Let $X_0,X_1$ be Banach spaces. Let $A:D(A)\subseteq X_0\to X_1$ be a closable linear operator. Recall the definition of a core for such an operator:
A set $\mathcal D\subseteq D(A)$ is called a
core for $A$ if $\overline{A_{\mathcal D}}=\overline A$.
In the case of a bounded linear operator one has the result:
Let $A\in L(X_0,X_1)$, and $\mathcal D_0\subseteq X_0$ be a dense linear
subspace.
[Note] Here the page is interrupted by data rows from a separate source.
Lemma lspan_widen n (w : 'I_n.+1 -> D) (c : 'I_n.+1 -> D) :
  (forall k, R (c k)) -> c ord_max = 0 ->
  lspan R (fun k : 'I_n => w (widen_ord (leqnSn n) k)) (\sum_k c k * w k).
Proof.
move=> hc c0; exists (fun k => c (widen_ord (leqnSn n) k)); split => //.
by rewrite big_ord_recr /= c0 mul0r addr0.
Qed.

Lemma steinitz_dependent n : forall m (w : 'I_n -> D) (v : 'I_m -> D),
  (n < m)%N -> (forall i, lspan R w (v i)) ->
  exists c : 'I_m -> D,
    [/\ forall i, R (c i), exists i, c i != 0 & \sum_i c i * v i = 0].
Proof.
elim: n => [|n IH] m w v ltnm hv.
  exists (fun _ => 1); split=> [_||]; first exact: (dsr1 hR).
  - by exists (Ordinal ltnm); apply: oner_neq0.
  - by apply: big1 => i _; case: (hv i) => c [_ ->]; rewrite big_ord0 mulr0.
case: m v ltnm hv => [|m] // v ltnm hv.
have [a ha] := functional_choice _ hv.
have va i : v i = \sum_k a i k * w k by case: (ha i).
have aR i k : R (a i k) by case: (ha i).
have [[p ap0]|no_pivot] := classic (exists p, a p ord_max != 0); last first.
  apply: (IH _ _ v (ltnW ltnm)) => i; rewrite va; apply: lspan_widen => //.
  by apply/eqP; apply: contraT => ai0; case: no_pivot; exists i.
(* Eliminate the last generator using the pivot [a p ord_max], then recurse on the
   remaining [m] vectors. *)
pose d j := a (lift p j) ord_max * (a p ord_max)^-1.
have dR j : R (d j) by apply: (dsrM hR); last apply: (dsrV hR).
pose v' j := v (lift p j) - d j * v p.
have hv' j : lspan R (fun k : 'I_n => w (widen_ord (leqnSn n) k)) (v' j).
  have -> : v' j = \sum_k (a (lift p j) k - d j * a p k) * w k.
    rewrite /v' !va mulr_sumr -sumrB.
    by apply: eq_bigr => k _; rewrite mulrBl mulrA.
  apply: lspan_widen => [k|]; first by apply: (dsrB hR) => //; apply: (dsrM hR).
  by rewrite /d mulrVK ?subrr //; apply: hD.
have [c' [c'R [j0 c'j0] c'0]] := IH _ _ v' ltnm hv'.
pose c i := if unlift p i is Some j then c' j else - \sum_j c' j * d j.
exists c; split.
- move=> i; rewrite /c; case: (unlift p i) => [j|]; first exact: c'R.
  by apply: (dsrN hR); apply: (dsr_sum hR) => j; apply: (dsrM hR).
- by exists (lift p j0); rewrite /c liftK.
- rewrite (bigD1_ord p) //= /c unlift_none.
  under eq_bigr => j _ do rewrite liftK.
  rewrite -[RHS]c'0 /v' mulNr mulr_suml addrC -sumrB.
  by apply: eq_bigr => j _; rewrite mulrBr !mulrA.
Qed.

Lemma lspan_of_dep_rcons m (a : 'I_m -> D) x :
  indep R a -> ~ indep R (rcons_fam a x) -> lspan R a x.
Proof.
move=> ha hdep; apply: NNPP => hx; apply: hdep => c hc hs.
have cx0 : c ord_max = 0.
  apply/eqP; apply: contraT => cx; case: hx.
  have cU := hD cx.
  exists (fun j => - (c ord_max)^-1 * c (lift ord_max j)); split.
    by move=> j; apply: (dsrM hR); [apply: (dsrN hR); apply: (dsrV hR) | ].
  rewrite sum_rcons_fam in hs.
  have -> : x = (c ord_max)^-1 * (c ord_max * x) by rewrite mulKr.
  rewrite -[c ord_max * x]opprK (addr0_eq hs) mulrN -mulNr mulr_sumr.
  by apply: eq_bigr => j _; rewrite mulrA.
rewrite sum_rcons_fam cx0 mul0r add0r in hs.
by move=> i; case: (unliftP ord_max i) => [j ->|->] //; apply: (ha _ (fun j => hc _) hs).
Qed.

Lemma indep_subfamily m (f : 'I_m -> D) : exists r (g : 'I_r -> D),
  [/\ forall j, exists i, g j = f i, indep R g & forall i, lspan R g (f i)].
Proof.
elim: m f => [|m IH] f.
  by exists 0%N, (fun _ => 0); split; [case | move=> c _ _; case | case].
have [r [g [gf indep_g span_g]]] := IH (fun i => f (lift ord_max i)).
have [indep_gx|dep_gx] := classic (indep R (rcons_fam g (f ord_max))).
  exists r.+1, (rcons_fam g (f ord_max)); split => // [j|i].
    rewrite /rcons_fam; case: (unlift ord_max j) => [j'|]; last by exists ord_max.
    by have [i ->] := gf j'; exists (lift ord_max i).
  case: (unliftP ord_max i) => [j ->|->]; first exact: lspan_rcons_fam.
  by have := lspan_gen hR (rcons_fam g (f ord_max)) ord_max; rewrite /rcons_fam unlift_none.
exists r, g; split => // [j|i].
  by have [i ->] := gf j; exists (lift ord_max i).
by case: (unliftP ord_max i) => [j ->|->] //; apply: lspan_of_dep_rcons.
Qed.

End Dependence.

Section DivGen.
Variables (D : unitRingType) (A : D -> Prop).

Lemma div_gen_dsr : division_subring (div_gen A).
Proof.
split=> [K hK _|x y hx hy K hK hA|x y hx hy K hK hA|x hx x0 K hK hA].
- exact: (dsr1 hK).
- by apply: (dsrB hK); [apply: hx | apply: hy].
- by apply: (dsrM hK); [apply: hx | apply: hy].
- by apply: (dsrV hK) => //; apply: hx.
Qed.

Lemma div_gen_incl a : A a -> div_gen A a.
Proof. by move=> ha K _ hA; apply: hA. Qed.

Lemma div_gen_min (K : D -> Prop) : division_subring K ->
  (forall a, A a -> K a) -> forall x, div_gen A x -> K x.
Proof. by move=> hK hA x; apply. Qed.

End DivGen.

Section Center.
Variable D : unitRingType.
Hypothesis hD : is_division_ring D.

Lemma centerof_dsr (K : D -> Prop) :
  division_subring K -> division_subring (centerof K).
Proof.
move=> hK; split.
- by split=> [|y _]; [apply: (dsr1 hK) | rewrite mul1r mulr1].
- move=> x y [Kx cx] [Ky cy]; split=> [|z Kz]; first exact: (dsrB hK).
  by rewrite mulrBl mulrBr cx // cy.
- move=> x y [Kx cx] [Ky cy]; split=> [|z Kz]; first exact: (dsrM hK).
  by rewrite -mulrA cy // mulrA cx // mulrA.
- move=> x [Kx cx] x0; split=> [|z Kz]; first exact: (dsrV hK).
  have xU := hD x0.
  by apply: (mulrI xU); rewrite mulVKr // mulrA cx // mulrK.
Qed.

Lemma center_dsr : division_subring (@center D).
Proof. by apply: centerof_dsr; split. Qed.

Lemma sum_commutator_central (I : finType) (g k : I -> D) y :
  (forall j, center (g j)) ->
  \sum_j (y * k j - k j * y) * g j = y * (\sum_j k j * g j) - (\sum_j k j * g j) * y.
Proof.
move=> gc; rewrite mulr_sumr mulr_suml -sumrB; apply: eq_bigr => j _.
by rewrite mulrBl -!mulrA (proj2 (gc j) y Logic.I).
Qed.

Variable K : D -> Prop.
Hypothesis hK : division_subring K.

(* Normalising a relation to have leading coefficient 1 and commuting it with
   [y] in [K] gives a shorter relation, which must vanish: so the normalised
   coefficients are central in [K]. *)
Lemma indep_central_centerof r (g : 'I_r -> D) :
  (forall j, center (g j)) -> indep (centerof K) g -> indep K g.
Proof.
elim: r g => [|r IH] g gc indep_g k kK hs; first by case.
have IH' := IH _ (fun j => gc _) (indep_lift (centerof_dsr hK) (p := ord0) indep_g).
have [k0|k0] := eqVneq (k ord0) 0.
  move: hs; rewrite big_ord_recl k0 mul0r add0r => hs.
  by move=> j; case: (unliftP ord0 j) => [j' ->|->] //; apply: (IH' _ (fun i => kK _) hs).
exfalso; have k0U := hD k0.
pose k' j := (k ord0)^-1 * k j.
have k'K j : K (k' j) by apply: (dsrM hK) => //; apply: (dsrV hK).
have k'0 : k' ord0 = 1 by rewrite /k' mulVr.
have hs' : \sum_j k' j * g j = 0.
  under eq_bigr => j _ do rewrite -mulrA.
  by rewrite -mulr_sumr hs mulr0.
have k'Z j : centerof K (k' j).
  split=> // y Ky; apply/eqP; rewrite eq_sym -subr_eq0; apply/eqP.
  have := sum_commutator_central k' y gc; rewrite hs' mulr0 mul0r subrr.
  rewrite big_ord_recl k'0 mul1r mulr1 subrr mul0r add0r => hy.
  case: (unliftP ord0 j) => [j' ->|->]; last by rewrite k'0 mul1r mulr1 subrr.
  apply: (IH' (fun i => y * k' (lift ord0 i) - k' (lift ord0 i) * y) _ hy) => i.
  by apply: (dsrB hK); apply: (dsrM hK).
by have := indep_g k' k'Z hs' ord0; rewrite k'0; apply/eqP; apply: oner_neq0.
Qed.

(* The coefficients of a central relation span, over [centerof K], a space with a
   central basis [g]; rewriting the relation in [g] gives one over [K]. *)
Lemma indep_centerof_center m (a : 'I_m -> D) :
  (forall i, K (a i)) -> indep (centerof K) a -> indep (@center D) a.
Proof.
move=> aK indep_a f fc hs.
have hZ := centerof_dsr hK.
have [r [g [gf indep_g span_g]]] := indep_subfamily hD hZ f.
have gc j : center (g j) by have [i ->] := gf j.
have [z hz] := functional_choice _ span_g.
have zZ i j : centerof K (z i j) by case: (hz i).
have fz i : f i = \sum_j z i j * g j by case: (hz i).
have hs2 : \sum_j (\sum_i z i j * a i) * g j = 0.
  rewrite -[RHS]hs; under [RHS]eq_bigr => i _ do rewrite fz mulr_suml.
  rewrite exchange_big /=; apply: eq_bigr => j _; rewrite mulr_suml.
  by apply: eq_bigr => i _; rewrite -!mulrA (proj2 (gc j) (a i) Logic.I).
have z0 := indep_central_centerof gc indep_g
  (fun j => dsr_sum hK (fun i => dsrM hK (proj1 (zZ i j)) (aK i))) hs2.
move=> i; rewrite fz big1 // => j _.
by rewrite (indep_a (z^~ j) (zZ^~ j) (z0 j)) mul0r.
Qed.

End Center.

Lemma bounded_nat_last (P : nat -> Prop) n :
  P 0%N -> (forall k, P k -> (k <= n)%N) -> exists k, P k /\ ~ P k.+1.
Proof.
move=> P0 Pn; suff : forall d k, P k -> (n - k <= d)%N -> exists k, P k /\ ~ P k.+1.
  by move/(_ n 0%N P0); apply; lia.
elim=> [|d IH] k Pk kd.
  by exists k; split=> // Pk1; have := Pn _ Pk1; lia.
have [Pk1|] := classic (P k.+1); last by exists k.
by apply: (IH k.+1 Pk1); have := Pn _ Pk1; lia.
Qed.

Section Forward.
Variable D : unitRingType.
Hypothesis hD : is_division_ring D.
Then $\mathcal D_0$ is a core for $A$.
My Question:
In the case that $A:D(A)\subseteq X_0\to X_1$ is a closed and densely defined linear operator, is there an analogous result which says that a (dense) subset $\mathcal D\subseteq D(A)$ is a core for A?
Best Answer
Let $A: D(A): \to X_1$ be some closed operator between Banach spaces and let $x\in X_0$ be some element not in $D(A)$. Define $$A': D(A)+\Bbb C \cdot x\to X_1\oplus_{\ell^1} \Bbb C, \qquad y+ \lambda x\mapsto (A(y), \lambda).$$
We will check that this is also a closed operator. Suppose $y_n +\lambda_n x$ converges and $(A(y_n), \lambda_n)$ also converges. It follows then that $\lambda_n$ converges (call the limit $\lambda$) and also that $A(y_n)$ converges. From $\lambda_n$ and $y_n+\lambda_n x$ converging you get that $y_n$ converges, call the limit $y$. By closedness of $A$ you get that $y\in D(A)$ and $A(y_n)\to A(y)$. So $$A'(y_n+\lambda_n x) = (A(y_n), \lambda_n) \to (A(y),\lambda) =A'(y+\lambda x)$$ verifying that $A'$ is closed.
If $i: X_1\to X_1\oplus_{\ell^1}\Bbb C$ is the inclusion note that $i\circ A$ is a closed operator. Putting it all together you have that $A'$ is a proper closed extension of the closed operator $i\circ A$. In particular $D(i\circ A) = D(A)\subseteq D(A')$ is densely defined, but $\overline{i\circ A}= i\circ A\neq A'$. As such $D(A)$ is not a core for $A'$.